XV° c.-I nemici stavano stretti, le loro lance tagliate a cinque piedi davanti a loro (FROISS. I, I, 328)-Nessuno ha casa che sia stato trattenuto, Fors Eustace, che di questo si lamenta, a cui hanno stretto il ventre per venti giorni, Senza avere una croce. … (E. DESCH. Poésies mss. f° 210)- Tra le due case c’era un grande granaio, in cui erano stipati trecento uomini d’arme (COMM. II, 11)- Che la febbre del quartiere stringa Celluy che vi ha messo qui (VILLON Archer de Bagnolet.(VILLON, Arciere di Bagnolet.) – Un giorno il valoroso Nabel andò per i campi, armato e montato, con la lancia in pugno e lo scudo sul colletto, presso un grande monte che era vicino al tref di Luces (Perceforest, vol.

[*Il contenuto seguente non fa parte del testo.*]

Lemma INR_ge2 (K : nat) : (2 <= K)%nat -> 2 <= INR K.
Proof. intros HK; replace 2 with (INR 2) by (simpl; ring); now apply le_INR. Qed.

Section RealRankBounds.
Variables (K : nat) (q : R) (f : nat -> word).
Hypothesis HK : (2 <= K)%nat.
Hypothesis Hq : 0 < q < 1.
Hypothesis Hf : is_rank_enumeration K (fun _ => q) f.

Lemma pow_div_lt_rank r : (1 <= r)%nat -> / INR K * INR K ^ length (f r) < INR r.
Proof.
  intros Hr; pose proof (INR_ge2 K HK).
  destruct (length (f r)) as [|m] eqn:Hlen.
  - assert (1 <= INR r) by (replace 1 with (INR 1) by reflexivity; now apply le_INR).
    assert (/ INR K < 1) by (rewrite <- Rinv_1; apply Rinv_lt_contravar; lra).
    simpl; lra.
  - pose proof (pow_le_rank_pred K q f Hq Hf r Hr ltac:(lia)) as Hle.
    rewrite Hlen, Nat.sub_succ, Nat.sub_0_r in Hle.
    apply le_INR in Hle; rewrite pow_INR, minus_INR in Hle by lia; simpl in Hle.
    replace (/ INR K * INR K ^ S m) with (INR K ^ m) by (simpl; field; lra); lra.
Qed.

Lemma rank_lt_mul_pow r : (1 <= r)%nat -> INR r < INR K / (INR K - 1) * INR K ^ length (f r).
Proof.
  intros Hr; pose proof (INR_ge2 K HK).
  pose proof (rank_le_length_words_shorter K q f Hq Hf r Hr) as Hle.
  pose proof (length_words_shorter_geometric K (S (length (f r))) ltac:(lia)) as Hgeom.
  set (c := length (words_shorter K (S (length (f r))))) in *.
  apply le_INR in Hle; apply (f_equal INR) in Hgeom.
  rewrite plus_INR, mult_INR, pow_INR, minus_INR in Hgeom by lia; simpl in Hgeom.
  apply (Rmult_lt_reg_r (INR K - 1)); [lra|].
  replace (INR K / (INR K - 1) * INR K ^ length (f r) * (INR K - 1))
    with (INR K * INR K ^ length (f r)) by (field; lra).
  assert (INR r * (INR K - 1) <= INR c * (INR K - 1)) by (apply Rmult_le_compat_r; lra).
  lra.
Qed.

End RealRankBounds.

Lemma inv_logb_div (p x : R) :
  0 < p < x -> 1 < x -> 1 / logb (p / x) x = ln p / ln x - 1.
Proof.
  intros Hp Hx; unfold logb.
  assert (Hlnx : 0 < ln x) by (rewrite <- ln_1; apply ln_increasing; lra).
  assert (E : ln (p / x) = ln p - ln x).
  { unfold Rdiv; rewrite ln_mult, ln_Rinv; try lra; apply Rinv_0_lt_compat; lra. }
  assert (ln p < ln x) by (apply ln_increasing; lra).
  rewrite E; field; lra.
Qed.

Lemma cv_infty_ln_INR : cv_infty (fun n => ln (INR n)).
Proof.
  intros M; destruct (INR_unbounded (exp M)) as [N HN]; exists N; intros n Hn.
  pose proof (exp_pos M); rewrite <- (ln_exp M).
  apply ln_increasing; [assumption|].
  pose proof (le_INR _ _ Hn); lra.
Qed.

Lemma Un_cv_const (c : R) : Un_cv (fun _ => c) c.
Proof. intros eps Heps; exists 0%nat; intros; unfold Rdist; rewrite Rminus_diag, Rabs_R0; lra. Qed.

(* The identity of inv_logb_div only holds once INR K > p, hence the shift. *)
Lemma inv_logb_div_cv (p : R) :
  0 < p -> Un_cv (fun K : nat => 1 / logb (p / INR K) (INR K)) (-1).
Proof.
  intros Hp; destruct (INR_unbounded (Rmax p 1)) as [N HN].
  apply CV_shift with N.
  apply Un_cv_ext with (fun n => ln p * / ln (INR (n + N)) - 1).
  - intros n; rewrite inv_logb_div; [unfold Rdiv; ring| |];
      pose proof (le_INR _ _ (Nat.le_add_l N n)); pose proof (Rmax_l p 1);
      pose proof (Rmax_r p 1); lra.
  - replace (-1) with (ln p * 0 - 1) by ring.
    apply CV_minus; [apply CV_mult|apply Un_cv_const].
    + apply Un_cv_const.
    + apply (CV_shift' (fun n => / ln (INR n))), cv_infty_cv_0, cv_infty_ln_INR.
Qed.

Theorem mainTheorem2 (s : R) (hs : 0 < s < 1) :
  (forall K : nat, (2 <= K)%nat ->
     let q1 := (1 - s) / INR K in
     (exists f, is_rank_enumeration K (fun _ => q1) f) /\
     (forall f, is_rank_enumeration K (fun _ => q1) f ->
        forall r : nat, (1 <= r)%nat ->
          / INR K * Rpower (base_value (fun _ => q1) (f r)) (logb q1 (INR K)) < INR r /\
          INR r < INR K / (INR K - 1) * Rpower (base_value (fun _ => q1) (f r)) (logb q1 (INR K))) /\
     1 / logb q1 (INR K) = ln (1 - s) / ln (INR K) - 1) /\
  Un_cv (fun K : nat => 1 / logb ((1 - s) / INR K) (INR K)) (-1).
Proof.
  split; [|apply inv_logb_div_cv; lra].
  intros K HK q1; pose proof (INR_ge2 K HK).
  assert (Hq1 : 0 < q1 < 1).
  { unfold q1; split; [apply Rdiv_lt_0_compat; lra|].
    apply Rmult_lt_reg_r with (INR K); [lra|]; field_simplify; lra. }
  split; [|split].
  - exists (shortlex_rank_word K); apply shortlex_rank_enumeration; [lia|exact Hq1].
  - intros f Hf r Hr.
    rewrite base_value_const, Rpower_pow_logb by lra.
    split; [apply (pow_div_lt_rank K q1)|apply (rank_lt_mul_pow K q1)]; assumption.
  - apply inv_logb_div; lra.
Qed.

III, f. 102) – La risposta amorosa fu così grande che gli serrò la bocca (ibid., vol. VI, f. 107) – Se il consiglio fu tenuto stretto (Vigilie di Carlo VII, p. 105, in LACURNE)-Questa scaramuccia durò tanto quanto era stretta e oscura la notte (Hist de la Puc. d’Orl. p. 527, in LACURNE)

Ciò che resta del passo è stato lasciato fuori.